In his March 5 Address to Congress, Prime Minister Netanyahu warned that the Iran deal would leave a vast nuclear infrastructure with a break-out time that would be “very short — about a year by U.S. assessment, even shorter by Israel’s.” The last four words were a diplomatic way of noting Israel’s lack of confidence in the one-year assurances of the Obama administration. Based on the extensive analysis released this week by the Institute for Science and International Security (ISIS), “Breakout Timelines Under the Joint Comprehensive Plan of Action” (JCPOA), Israel’s assessment is more accurate. The ISIS study concludes that the likely breakout time is seven months.
On August 4 — at a time when the preliminary ISIS estimate was six-to-seven months — the organization’s president, David Albright, testified before the Senate Foreign Relations Committee and had this exchange with Senator Menendez:
SEN. MENENDEZ: Now, let me ask you something. I was a little stunned — and of course you cautioned that it’s not a final assessment … that the [JCPOA] doesn’t seem to accomplish a one-year breakout — that it may be between six and seven months. At what point in time will you be able to, with certainty … make [a final] determination?
ALBRIGHT: We’re working on it … and we’d like to get an administration response. I mean, we asked them last week for a response on this concern. …
SEN. MENENDEZ: [Six-to-seven months] would be concerning to me, because I already am a little concerned that what we bought here was a very expensive alarm system … [S]ix or seven months is not going to be helpful if they decide to break out, because by the time we re-impose sanctions … it [wouldn’t] be meaningful. The next president of the United States … will only have one choice: to accept Iran as a nuclear weapons state or to have a military strike.
In its report, ISIS analyzes the imprudent assumption on which the Obama administration bases its one-year contention:
The bare-boned limits on Iran’s centrifuge program provide for at least a 12-month breakout period. However, based on ISIS analyses the agreed limits do not guarantee a 12-month breakout timeline during the first ten years of the agreement, if Iran can relatively quickly re-deploy its already manufactured IR-2m centrifuges. The administration has taken the position that Iran will not deploy these IR-2m centrifuges, because they have assessed that they will not work well enough. However, this assessment depends on an assumption about Iran’s manufactured IR-2m centrifuges that may not hold. Moreover, available data indicate that the breakage rate of the IR-2m centrifuges are no worse than those for the IR-1 centrifuges. Uncertainties about the quality of the existing IR-2m centrifuges make a definitive resolution of this issue difficult. Nonetheless, straightforward prudence would argue to include these centrifuges in a breakout, since their redeployment would have a major impact compared to IR-1 centrifuges and the United States lacks high assurance that the IR-2m centrifuges will not work adequately if deployed. In this case, the 12-month breakout criterion does not hold during the first ten years of the agreement. At a minimum, it is arguable whether the breakout criterion holds. [Emphasis added].

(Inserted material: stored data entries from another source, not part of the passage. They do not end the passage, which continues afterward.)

Lemma ex_member_pred_notin m (P : pred nat) :
  ~~ P m.-1 -> (exists2 x, x < m & P x) ->
  exists l, [/\ l < m, P l & ~~ P (if l == 0 then m.-1 else l.-1)].
Proof.
move=> Pm [x xm Px]; have exP : exists l, (l < m) && P l by exists x; rewrite xm.
case: (ex_minnP exP) => l /andP [lm Pl] l_min; exists l; split=> //.
case: eqP => [// | /eqP l0]; apply/negP => Ppred.
by have := l_min l.-1; rewrite Ppred; lia.
Qed.

(* Each l < m is paired with up l; when l is in S its partner is not, so each
   pair has a point outside S, and the pair of p has two. *)
Lemma pairing_card_compl N m (S : {set 'I_N}) (x0 : 'I_N) (up : nat -> 'I_N) p :
  m <= N -> (forall l, m <= up l) -> {in [pred l | l < m] &, injective up} ->
  p < m -> insubd x0 p \notin S -> up p \notin S ->
  (forall l, l < m -> insubd x0 l \in S -> up l \notin S) ->
  m < #|~: S|.
Proof.
move=> mN up_big up_inj p_lt p_notS up_p_notS up_notS.
pose pos (y : nat) : 'I_N := insubd x0 y.
have val_pos y : y < m -> pos y = y :> nat by move=> ?; rewrite val_insubd ifT //; lia.
pose g (i : 'I_m.+1) : 'I_N :=
  if i == m :> nat then up p else if pos i \in S then up i else pos i.
have ltm (i : 'I_m.+1) : (i : nat) != m -> i < m by case: i => /= i; lia.
have g_notS i : g i \notin S.
  rewrite /g; case: eqP => // /eqP /ltm im.
  by case: ifP => [/(up_notS _ im) | /negbT].
have g_inj : injective g.
  have up_pos l y : y < m -> up l <> pos y.
    by move=> ym /(congr1 (@nat_of_ord N)); rewrite val_pos //; have := up_big l; lia.
  move=> i j; rewrite /g.
  case: eqP => [im | /eqP /ltm im]; case: eqP => [jm | /eqP /ltm jm].
  - by move=> _; apply: val_inj; rewrite /= im jm.
  - case: ifP => jS e; last by case: (up_pos _ _ jm e).
    by move: p_notS; rewrite (up_inj p j) ?inE // jS.
  - case: ifP => iS e; last by case: (up_pos _ _ im (esym e)).
    by move: p_notS; rewrite -(up_inj i p) ?inE // iS.
  - case: ifP => _; case: ifP => _ e; apply: val_inj.
    + by apply: up_inj; rewrite ?inE.
    + by case: (up_pos _ _ jm e).
    + by case: (up_pos _ _ im (esym e)).
    + by move/(congr1 (@nat_of_ord N)): e; rewrite !val_pos.
have : g @: [set: 'I_m.+1] \subset ~: S.
  by apply/subsetP => y /imsetP [i _ ->]; rewrite inE g_notS.
by move/subset_leq_card; rewrite card_imset // cardsT card_ord.
Qed.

In the August 4 hearing, one of the other witnesses, Gary Samore, executive director for research in Harvard’s Belfer Center for Science and International Affairs, added this:
SAMORE: … Senator, I don’t think re-imposition of sanctions is an effective response to breakout. I think the only effective response to breakout is military force. I mean, if the Iranians have decided to run the risk of openly dashing for a nuclear weapon, I don’t think sanctions are going to deter them or stop them.
SEN. MENENDEZ: So it seems to me that if Iran makes a political decision to move forward because it believes it’s the preservation of the regime, the revolution, or its place in the region, then ultimately … we are just kicking the ball down the road, but we will have a stronger, resurgent Iran with more money and greater defense capabilities than it has today.
In the same way that indefensible borders invite aggression, a seven-month breakout period invites a breakout, by making the opportunity so tempting — especially if one side knows the real period while the other mistakenly thinks (or lulls itself into thinking) that it has 12 months. The breakout period will shorten even further as Iran improves its centrifuge technology; shorten even beyond that as the restrictions in the Iran deal fall by the wayside, including the fantasy of “snapback” sanctions; and eventually head toward zero.
The ISIS report contains a straightforward statement about the ultimate result of the deal: “it almost ensures that Iran can emerge in 15-20 years as a nuclear power with the potential, at a time of its choosing, to make enough weapon-grade uranium for several nuclear weapons within a few weeks.” (Emphasis added). So whether Iran breaks out, sneaks out, or waits out the agreement, the result is going to be the same.